I don't let myself remember that night as the days passed by, the cycle went on.. I wake up I go to college I avoid stumbling upon Moksha or Adi or... Aarav even if I know he's not attending college these days but still. 

Two days passed and I was okay to be invisible. I ignored any text that came from anyone and even Diya's too. I was in no mood to talk. Or get lectured again.

I was going through my book when my phone rang and when I checked the caller I'd it was Iti. I silenced the phone turning my attention back to the book. I just read everyone's text from the notification so I'd know if they're not in immediate need.

She called me again and this time I declined her call. Anger surged back into me and I shut the book close.. I'll break in front of her if I talked to her.

This while she didn't call instead there's a text from her that I managed to read from the notification.

Iti: I know that you're reading this and you're actively ignoring me. I did not allowed you off to an apartment to settle in hibernation there.

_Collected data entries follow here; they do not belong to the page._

(* Let $K$ be a finitely generated abelian group and $S=\mathbb{K}[T_1,\dots,T_r]$ a $K$-graded polynomial ring with homogeneous variables whose grading is effective and pointed, let $I\subseteq S$ be a homogeneous ideal, and let $G:=\operatorname{Aut}_K(S)$. Then the vector subspaces $V:=\bigoplus_{w\in\Omega_S}S_w$ and $W:=\bigoplus_{u\in\Omega_I}S_u$ of $S$ are finite-dimensional, $V$ is invariant under the linear action of $G$ on $S$, and the induced representation $G\to\operatorname{GL}(V)$ is faithful.
   Context: $\mathbb{K}$ algebraically closed of characteristic zero. $\operatorname{Aut}_K(S)$ is the group of graded automorphisms $(\varphi,\psi)$ ($\varphi(S_w)=S_{\psi(w)}$, $\psi\in\operatorname{Aut}(K)$), acting on $S$ by $f\mapsto\varphi(f)$. Effective: $\omega(S)=\{w;\ S_w\ne0\}$ generates $K$; pointed: $S_0=\mathbb{K}$ and the cone generated by $\omega(S)$ in $K\otimes\mathbb{Q}$ contains no line. $w'\le w$ iff $w-w'\in\omega(S)$. $\Omega_S:=\{w\in\omega(S);\ S_w\not\subseteq S_{<w}\}$ where $S_{<w}$ is the subalgebra generated by all $S_{w'}$ with $w'<w$; for a homogeneous ideal $I$, $\Omega_I:=\{w;\ I_w\not\subseteq I_{<w}\}$ where $I_{<w}$ is the ideal generated by all $I_{w'}=I\cap S_{w'}$, $w'<w$. *)

From HB Require Import structures.
From mathcomp Require Import all_boot all_order all_algebra.
From mathcomp Require Import mpoly.
Set Implicit Arguments. Unset Strict Implicit. Unset Printing Implicit Defensive.
Import GRing.Theory.
Local Open Scope ring_scope.

Section Defs.
Variables (F : closedFieldType) (K : zmodType) (r : nat) (deg : 'I_r -> K).
Local Notation S := {mpoly F[r]}.

Definition fin_gen_group : Prop :=
  exists gens : seq K, forall k : K,
    exists z : 'I_(size gens) -> int, k = \sum_(i < size gens) gens`_i *~ z i.

Definition mdegK (m : 'X_{1..r}) : K := \sum_(i < r) deg i *+ m i.

Definition homogK (w : K) (p : S) : Prop :=
  forall m, m \in msupp p -> mdegK m = w.

Definition omegaS (w : K) : Prop := exists p : S, p != 0 /\ homogK w p.

Definition leK (w' w : K) : Prop := omegaS (w - w').
Definition ltK (w' w : K) : Prop := leK w' w /\ w' <> w.

Definition effective : Prop :=
  forall k : K, exists s : seq K, (forall x, x \in s -> omegaS x) /\
    exists z : 'I_(size s) -> int, k = \sum_(i < size s) s`_i *~ z i.

(* k is zero in K (x) Q *)
Definition torsion (k : K) : Prop := exists n : nat, (0 < n)%N /\ k *+ n = 0.

(* the image of k in K (x) Q lies in the (rational convex) cone generated
   by omega(S): d * k = sum of c_i * w_i in K (x) Q, with d > 0, c_i >= 0 *)
Definition in_cone (k : K) : Prop :=
  exists (d : nat) (s : seq (K * nat)), (0 < d)%N /\
    (forall x, x \in s -> omegaS x.1) /\
    torsion (k *+ d - \sum_(x <- s) x.1 *+ x.2).

(* pointed: S_0 = constants, and the cone contains no line *)
Definition pointed : Prop :=
  (forall p : S, homogK 0 p -> exists c : F, p = c%:MP) /\
  (forall k : K, in_cone k -> in_cone (- k) -> torsion k).

Definition subalg_gen (A : S -> Prop) (p : S) : Prop :=
  forall B : S -> Prop,
    (forall c : F, B c%:MP) ->
    (forall q1 q2, B q1 -> B q2 -> B (q1 + q2)) ->
    (forall q1 q2, B q1 -> B q2 -> B (q1 * q2)) ->
    (forall (c : F) q, B q -> B (c *: q)) ->
    (forall q, A q -> B q) -> B p.

Definition is_ideal (J : S -> Prop) : Prop :=
  [/\ J 0, (forall q1 q2, J q1 -> J q2 -> J (q1 + q2)) &
      (forall a q, J q -> J (a * q))].

Definition ideal_gen (A : S -> Prop) (p : S) : Prop :=
  forall J : S -> Prop, is_ideal J -> (forall q, A q -> J q) -> J p.

Definition hcomp (w : K) (p : S) : S :=
  \sum_(m <- msupp p | mdegK m == w) p@_m *: 'X_[m].

Definition homog_ideal (I : S -> Prop) : Prop :=
  is_ideal I /\ forall p w, I p -> I (hcomp w p).

Definition S_lt (w : K) : S -> Prop :=
  subalg_gen (fun q => exists w', ltK w' w /\ homogK w' q).

Definition OmegaS (w : K) : Prop :=
  omegaS w /\ exists p, homogK w p /\ ~ S_lt w p.

Definition I_lt (I : S -> Prop) (w : K) : S -> Prop :=
  ideal_gen (fun q => I q /\ exists w', ltK w' w /\ homogK w' q).

Definition OmegaI (I : S -> Prop) (w : K) : Prop :=
  exists p, I p /\ homogK w p /\ ~ I_lt I w p.

Definition dsum (P : K -> Prop) (p : S) : Prop :=
  exists s : seq (K * S), (forall x, x \in s -> P x.1 /\ homogK x.1 x.2) /\
    p = \sum_(x <- s) x.2.

Definition fin_dim (P : S -> Prop) : Prop :=
  exists s : seq S, forall p, P p ->
    exists c : 'I_(size s) -> F, p = \sum_(i < size s) c i *: s`_i.

Definition graded_aut (phi : S -> S) (psi : K -> K) : Prop :=
  (forall p q, phi (p + q) = phi p + phi q) /\
  (forall p q, phi (p * q) = phi p * phi q) /\
  phi 1 = 1 /\
  (forall (c : F) p, phi (c *: p) = c *: phi p) /\
  bijective phi /\
  (forall a b, psi (a + b) = psi a + psi b) /\
  bijective psi /\
  (forall w : K, (forall p, homogK w p -> homogK (psi w) (phi p)) /\
     (forall q, homogK (psi w) q -> exists p, homogK w p /\ phi p = q)).

End Defs.

From HB Require Import structures.
From mathcomp Require Import all_boot all_order all_algebra.
From mathcomp Require Import mpoly.
From Pilot Require Import Defs.
From Stdlib Require Import Classical IndefiniteDescription.
Set Implicit Arguments.
Unset Strict Implicit.
Unset Printing Implicit Defensive.
Import Order.TTheory GRing.Theory.
Lemma run_round m j x u o : is_sym x -> Forall is_sym u -> Forall is_sym o ->
  run tr_machine (3 + 2 * length u + 2 * length o + 2 * length (emit m x))
    (round_cfg m j (x :: u) o) =
  Some (round_cfg (next_mode m x) (S j) u (o ++ emit m x)).
Proof.
  intros Hx Hu Ho.
  assert (Hemit : emit m x <> []).
  { pose proof (emit_length m x) as Hlen; intros E; rewrite E in Hlen; simpl in Hlen; lia. }
  destruct (exists_last Hemit) as [s [y Hsy]].
  set (J := repeat 15 j ++ [0]); set (l := u ++ 14 :: o).
  assert (Hl : forall a, In a l -> 1 <= a <= 14).
  { intros a Ha; apply in_app_or in Ha as [Ha | [<- | Ha]];
      [apply (Forall_sym_bound u) | lia | apply (Forall_sym_bound o)]; assumption. }
  assert (Hs : forall a, In a (rev s ++ rev l) -> 1 <= a <= 14).
  { intros a Ha; apply in_app_or in Ha as [Ha | Ha]; apply in_rev in Ha; [| apply Hl, Ha].
    apply (Forall_sym_bound (emit m x)); [apply emit_sym, Hx |].
    rewrite Hsy; apply in_or_app; left; exact Ha. }
  replace (3 + 2 * length u + 2 * length o + 2 * length (emit m x))
    with ((1 + length l) + (S (length s) + (length (rev s ++ rev l) + 1)))
    by (rewrite Hsy; unfold l; rewrite !length_app, !length_rev, !length_app; simpl; lia).
  unfold round_cfg; simpl app at 1.
  eapply run_trans; [apply run_carry; assumption |].
  eapply run_trans; [apply run_write; [exact Hx | exact Hsy] |].
  rewrite app_assoc, run_return by exact Hs.
  rewrite rev_app_distr, !rev_involutive, Hsy; unfold l.
  simpl; repeat rewrite <- app_assoc; reflexivity.
Qed.

Lemma step_halt_state L t : step tr_machine (cfg_at halt_state L t) = None.
Proof.
  destruct t as [|x r]; unfold step; simpl; [reflexivity |].
  unfold tr_machine_delta; simpl; destruct (x <? 16); reflexivity.
Qed.
(** * The curve ratio |phi| / |phi'|^(1/2) and the model ratio F / sqrt F' *)

Definition curve_ratio n (phi phi1 : nat -> R -> R) (t : R) : R :=
  vnorm n (vat phi t) / sqrt (vnorm n (vat phi1 t)).

Definition ratio_logderiv n (a b c : nat -> R) : R :=
  inner n a b / inner n a a - inner n b c / (2 * inner n b b).

Definition ratio_logderiv_deriv n (a b c d : nat -> R) : R :=
  ((inner n b b + inner n a c) * inner n a a - 2 * inner n a b ^ 2) / inner n a a ^ 2
  - ((inner n c c + inner n b d) * (2 * inner n b b) - 4 * inner n b c ^ 2) / (2 * inner n b b) ^ 2.

Lemma S1_inner n b c d : 0 < inner n b b ->
  S1 n b c d = inner n b d / inner n b b - 3 * inner n b c ^ 2 / inner n b b ^ 2
               + 3 / 2 * inner n c c / inner n b b.
Proof.
  intros Hb; unfold S1.
  replace (vnorm n b ^ 4) with ((vnorm n b ^ 2) ^ 2) by ring.
  rewrite !vnorm_sqr; reflexivity.
Qed.

Lemma S1_reflect n b c d : S1 n (fun i => - b i) c (fun i => - d i) = S1 n b c d.
Proof.
  unfold S1; rewrite !vnorm_opp, inner_opp, inner_oppl.
  replace ((- inner n b c) ^ 2) with (inner n b c ^ 2) by ring; reflexivity.
Qed.

Lemma ratio_riccati_ge0 n a b c d : 0 < inner n a a -> 0 < inner n b b ->
  0 <= ratio_logderiv n a b c ^ 2 + ratio_logderiv_deriv n a b c d + S1 n b c d / 2.
Proof.
  intros Ha Hb; rewrite S1_inner by exact Hb; unfold ratio_logderiv, ratio_logderiv_deriv.
  set (A := inner n a a); set (B := inner n a b); set (C := inner n b b).
  set (D := inner n b c); set (E := inner n a c); set (Fc := inner n c c); set (H := inner n b d).
  (* the left side is |2 C^2 a - (2 C B + A D) b + A C c|^2 / (4 A^2 C^3) *)
  pose proof (inner_ge0 n (fun i => 2 * C ^ 2 * a i + (- (2 * C * B + A * D)) * b i + A * C * c i)) as Hsq.
  rewrite inner_comb3 in Hsq; fold A B C D E Fc in Hsq.
  fold A in Ha; fold C in Hb.
  assert (Hden : 0 < 4 * A ^ 2 * C ^ 3) by (apply Rmult_lt_0_compat; [nra | apply pow_lt; lra]).
  apply Rle_trans with ((2 * C ^ 2 * (2 * C ^ 2) * A + - (2 * C * B + A * D) * - (2 * C * B + A * D) * C
    + A * C * (A * C) * Fc + 2 * (2 * C ^ 2) * - (2 * C * B + A * D) * B + 2 * (2 * C ^ 2) * (A * C) * E
    + 2 * - (2 * C * B + A * D) * (A * C) * D) / (4 * A ^ 2 * C ^ 3)).
  - apply Rmult_le_pos; [exact Hsq | apply Rlt_le, Rinv_0_lt_compat, Hden].
  - right; field; split; lra.
Qed.

Lemma derivable_curve_ratio n phi phi1 phi2 x :
  (forall i, (i < n)%nat -> derivable_pt_lim (phi i) x (phi1 i x)) ->
  (forall i, (i < n)%nat -> derivable_pt_lim (phi1 i) x (phi2 i x)) ->
  0 < inner n (vat phi x) (vat phi x) -> 0 < inner n (vat phi1 x) (vat phi1 x) ->
  derivable_pt_lim (curve_ratio n phi phi1) x
    (curve_ratio n phi phi1 x * ratio_logderiv n (vat phi x) (vat phi1 x) (vat phi2 x)).
Proof.
  intros H1 H2 HA HC; unfold curve_ratio, ratio_logderiv.
  pose proof (vnorm_gt0 _ _ HA) as Ha; pose proof (vnorm_gt0 _ _ HC) as Hc.
  pose proof (sqrt_lt_R0 _ Hc) as Hq.
  eapply derivable_pt_lim_val.
  - apply derivable_pt_lim_div; [apply derivable_pt_lim_vnorm; [exact H1 | exact HA] | | lra].
    apply (derivable_pt_lim_sqrt_comp (fun t => vnorm n (vat phi1 t))); [|exact Hc].
    apply derivable_pt_lim_vnorm; [exact H2 | exact HC].
  - rewrite <- (vnorm_sqr n (vat phi x)), <- (vnorm_sqr n (vat phi1 x)).
    set (q := sqrt (vnorm n (vat phi1 x))) in *.
    assert (Hqq : vnorm n (vat phi1 x) = q * q) by (symmetry; apply sqrt_sqrt; lra).
    rewrite Hqq; unfold Rsqr; field; lra.
Qed.

Lemma derivable_ratio_logderiv n phi phi1 phi2 phi3 x :
  (forall i, (i < n)%nat -> derivable_pt_lim (phi i) x (phi1 i x)) ->
  (forall i, (i < n)%nat -> derivable_pt_lim (phi1 i) x (phi2 i x)) ->
  (forall i, (i < n)%nat -> derivable_pt_lim (phi2 i) x (phi3 i x)) ->
  0 < inner n (vat phi x) (vat phi x) -> 0 < inner n (vat phi1 x) (vat phi1 x) ->
  derivable_pt_lim (fun t => ratio_logderiv n (vat phi t) (vat phi1 t) (vat phi2 t)) x
    (ratio_logderiv_deriv n (vat phi x) (vat phi1 x) (vat phi2 x) (vat phi3 x)).
Proof.
  intros H1 H2 H3 HA HC; unfold ratio_logderiv, ratio_logderiv_deriv.
  eapply derivable_pt_lim_val.
  - apply derivable_pt_lim_minus; apply derivable_pt_lim_div.
    + apply derivable_pt_lim_inner; [exact H1 | exact H2].
    + apply derivable_pt_lim_inner; exact H1.
    + lra.
    + apply derivable_pt_lim_inner; [exact H2 | exact H3].
    + apply derivable_pt_lim_scal, derivable_pt_lim_inner; exact H2.
    + lra.
  - rewrite (inner_sym n (vat phi1 x) (vat phi x)), (inner_sym n (vat phi2 x) (vat phi1 x)).
    unfold Rsqr; field; lra.
Qed.

Lemma curve_ratio_ge0 n phi phi1 t :
  0 < inner n (vat phi1 t) (vat phi1 t) -> 0 <= curve_ratio n phi phi1 t.
Proof.
  intros HC; apply Rmult_le_pos; [apply vnorm_ge0|].
  apply Rlt_le, Rinv_0_lt_compat, sqrt_lt_R0, vnorm_gt0, HC.
Qed.

Lemma continuity_curve_ratio n phi phi1 phi2 x :
  (forall i, (i < n)%nat -> derivable_pt_lim (phi i) x (phi1 i x)) ->
  (forall i, (i < n)%nat -> derivable_pt_lim (phi1 i) x (phi2 i x)) ->
  0 < inner n (vat phi1 x) (vat phi1 x) -> continuity_pt (curve_ratio n phi phi1) x.
Proof.
  intros H1 H2 HC; pose proof (vnorm_gt0 _ _ HC) as Hc.
  apply continuity_pt_div.
  - exact (continuity_pt_vnorm n phi phi1 x H1).
  - apply (continuity_pt_comp (fun t => vnorm n (vat phi1 t)) sqrt).
    + exact (continuity_pt_vnorm n phi1 phi2 x H2).
    + apply continuity_pt_sqrt; lra.
  - apply Rgt_not_eq, sqrt_lt_R0, Hc.
Qed.
Lemma couple_sample_majorizes n m d tbX tbY x0 (wy : {ffun 'I_m -> stepY n}) t :
  1 < d -> valid_tiebreak tbX -> valid_tiebreak tbY ->
  majorizes (sorted_loads (loads_at tbX (@choiceX n) (couple_sample d tbX tbY x0 wy) t))
            (sorted_loads (loads_at tbY (choiceY d) wy t)).
Proof.
move=> Hd VX VY; rewrite /loads_at /run codom_couple_sample.
by apply/dominates_majorizes/couple_seq_dominates.
Qed.

Local Open Scope ring_scope.

Lemma bijection_coupling (R : numFieldType) (A B : finType) (phi : B -> A) :
  injective phi -> #|A| = #|B| ->
  exists mu : {ffun A * B -> R},
    [/\ forall w, 0 <= mu w,
        forall a, \sum_b mu (a, b) = 1 / #|A|%:R,
        forall b, \sum_a mu (a, b) = 1 / #|B|%:R
      & forall a b, mu (a, b) != 0 -> a = phi b].
Proof.
move=> phi_inj cardAB.
have phi_onto a : exists b, phi b = a.
  have /codomP [b ->] := inj_card_onto phi_inj (eq_leq cardAB) a; by exists b.
exists [ffun w => if w.1 == phi w.2 then 1 / #|B|%:R else 0]; split.
- by move=> w; rewrite ffunE; case: ifP => _ //; rewrite divr_ge0 ?ler0n.
- move=> a; have [b0 <-] := phi_onto a.
  rewrite (bigD1 b0) //= ffunE /= eqxx big1 ?addr0 ?cardAB // => b Hb.
  by rewrite ffunE (inj_eq phi_inj) eq_sym (negbTE Hb).
- move=> b; rewrite (bigD1 (phi b)) //= ffunE eqxx big1 ?addr0 // => a Ha.
  by rewrite ffunE /= (negbTE Ha).
- by move=> a b; rewrite ffunE /=; case: (a =P phi b) => // _; rewrite eqxx.
Qed.

Lemma bijection_prob_le (R : numFieldType) (A B : finType) (phi : B -> A)
    (P : pred B) (Q : pred A) :
  injective phi -> #|A| = #|B| -> (forall b, P b -> Q (phi b)) ->
  #|[set b | P b]|%:R / #|B|%:R <= #|[set a | Q a]|%:R / #|A|%:R :> R.
Proof.
move=> phi_inj cardAB PQ; rewrite cardAB ler_wpM2r ?invr_ge0 ?ler0n // ler_nat.
rewrite -(card_imset _ phi_inj); apply: subset_leq_card; apply/subsetP => a.
by case/imsetP => b; rewrite !inE => /PQ Qb ->.
Qed.

Definition some_stepX n (n_gt1 : (1 < n)%N) : stepX n :=
  exist _ (Ordinal (ltnW n_gt1), Ordinal n_gt1) isT.

Theorem mainTheorem1 (R : realFieldType) (n m d : nat)
  (tbX tbY : loads n -> {set 'I_n} -> 'I_n) :
  prime n -> (1 <= m)%N -> (2 < d)%N -> (d <= n)%N ->
  valid_tiebreak tbX -> valid_tiebreak tbY ->
  (exists mu : {ffun {ffun 'I_m -> stepX n} * {ffun 'I_m -> stepY n} -> R},
     (forall w, 0 <= mu w) /\
     (forall wx, \sum_(wy : {ffun 'I_m -> stepY n}) mu (wx, wy)
                 = 1 / #|{ffun 'I_m -> stepX n}|%:R) /\
     (forall wy, \sum_(wx : {ffun 'I_m -> stepX n}) mu (wx, wy)
                 = 1 / #|{ffun 'I_m -> stepY n}|%:R) /\
     (forall wx wy, mu (wx, wy) != 0 ->
        forall t : nat, (t <= m)%N ->
          majorizes (sorted_loads (loads_at tbX (@choiceX n) wx t))
                    (sorted_loads (loads_at tbY (@choiceY n d) wy t))))
  /\
  (forall c : nat,
     (#|[set wy : {ffun 'I_m -> stepY n}
         | (c <= max_load (loads_at tbY (@choiceY n d) wy m))%N]|%:R
       / #|{ffun 'I_m -> stepY n}|%:R : R)
     <= #|[set wx : {ffun 'I_m -> stepX n}
         | (c <= max_load (loads_at tbX (@choiceX n) wx m))%N]|%:R
       / #|{ffun 'I_m -> stepX n}|%:R).
Proof.
move=> n_prime _ d_gt2 _ VX VY.
pose x0 := some_stepX (prime_gt1 n_prime).
pose phi := couple_sample d tbX tbY x0 (m := m).
have phi_inj : injective phi := @couple_sample_inj _ _ _ _ _ _.
have cardAB : #|{ffun 'I_m -> stepX n}| = #|{ffun 'I_m -> stepY n}|.
  by rewrite !card_ffun card_stepX.
have maj (wy : {ffun 'I_m -> stepY n}) t :=
  couple_sample_majorizes x0 wy t (ltnW d_gt2) VX VY.
split.
  have [mu [mu_ge0 margX margY supp]] := bijection_coupling R phi_inj cardAB.
  exists mu; do 3!split => //.
  by move=> wx wy /supp -> t _; apply: maj.
move=> c; apply: bijection_prob_le phi_inj cardAB _ => wy.
by move=> /= Hc; apply: leq_trans Hc (majorizes_max (maj wy m)).
Qed.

Get yourself here right now!! It's urgent.

Nothing except for the words It's urgent made me reply her back.

Me: What happened?
Iti: MAYRAAAA WHAT IS WRONG WITH YOU!
Me: Tell me.
Iti: Come home. Mumma's here.

Mumma? whyy is she here? 

I rushed to change into some decent clothes and slipped out with the apartment keys. With a cab it took me thirty minutes to reach and I paid the driver in haste.

There were so many cars parked outside the porch but the one I looked for was missing, thank god Aarav wasn't home.

I rushed jogging in only to find the entire family and even the -in-laws present here. Mumma and dad were at the couch beside Suvy maa. Even dadi was here busy chatting with Ramika dadi. Even both grandfathers were here.

But the strangest thing I stumbled upon wasn't this, Rashmi bua and her daughter Tanvisha occupied the couch opposite others. They all were discussing something and when all of their attention went to me I tried not to act nervous.

Moksha and Aaksha came by my side and the former one clutched my hands with a tight smile. I can feel something terrible is going to come, I can feel it everywhere in my body.

"Mayra. Why didn't you tell me before shifting to another place" Suvy maa's tone was stern and she eyed me with a disappointed look "I.. am sorry maa" she presses her lips nodding in consideration.

"Anyway have a dessert Mayra" bua calls me as she brings me a plate full of various sweets "F-for what?" I was confused to all of them gathered here out of the blue.. and moreover mumma didn't even tell me she was coming. I was home just two days ago so obviously it's a sudden plan or she must have told me.

"Aarav ki engagement fix hogyi na" (Aarav is getting engaged) I did not hear after that.. everything dulled. My heartbeat the only sound ramming in my ears. Moksha squeezed my hand from behind and so I realized bua extended her hand to make me eat. I took that bite from her hand out of courtesy.

"With... whom?" it was even harder to voice that out.

"To Tanvisha" she comments and that bite slipped out of my hand. I felt all the eyes on me and I suddenly felt so hyperventilated.

Aarav is getting engaged ....to my cousin?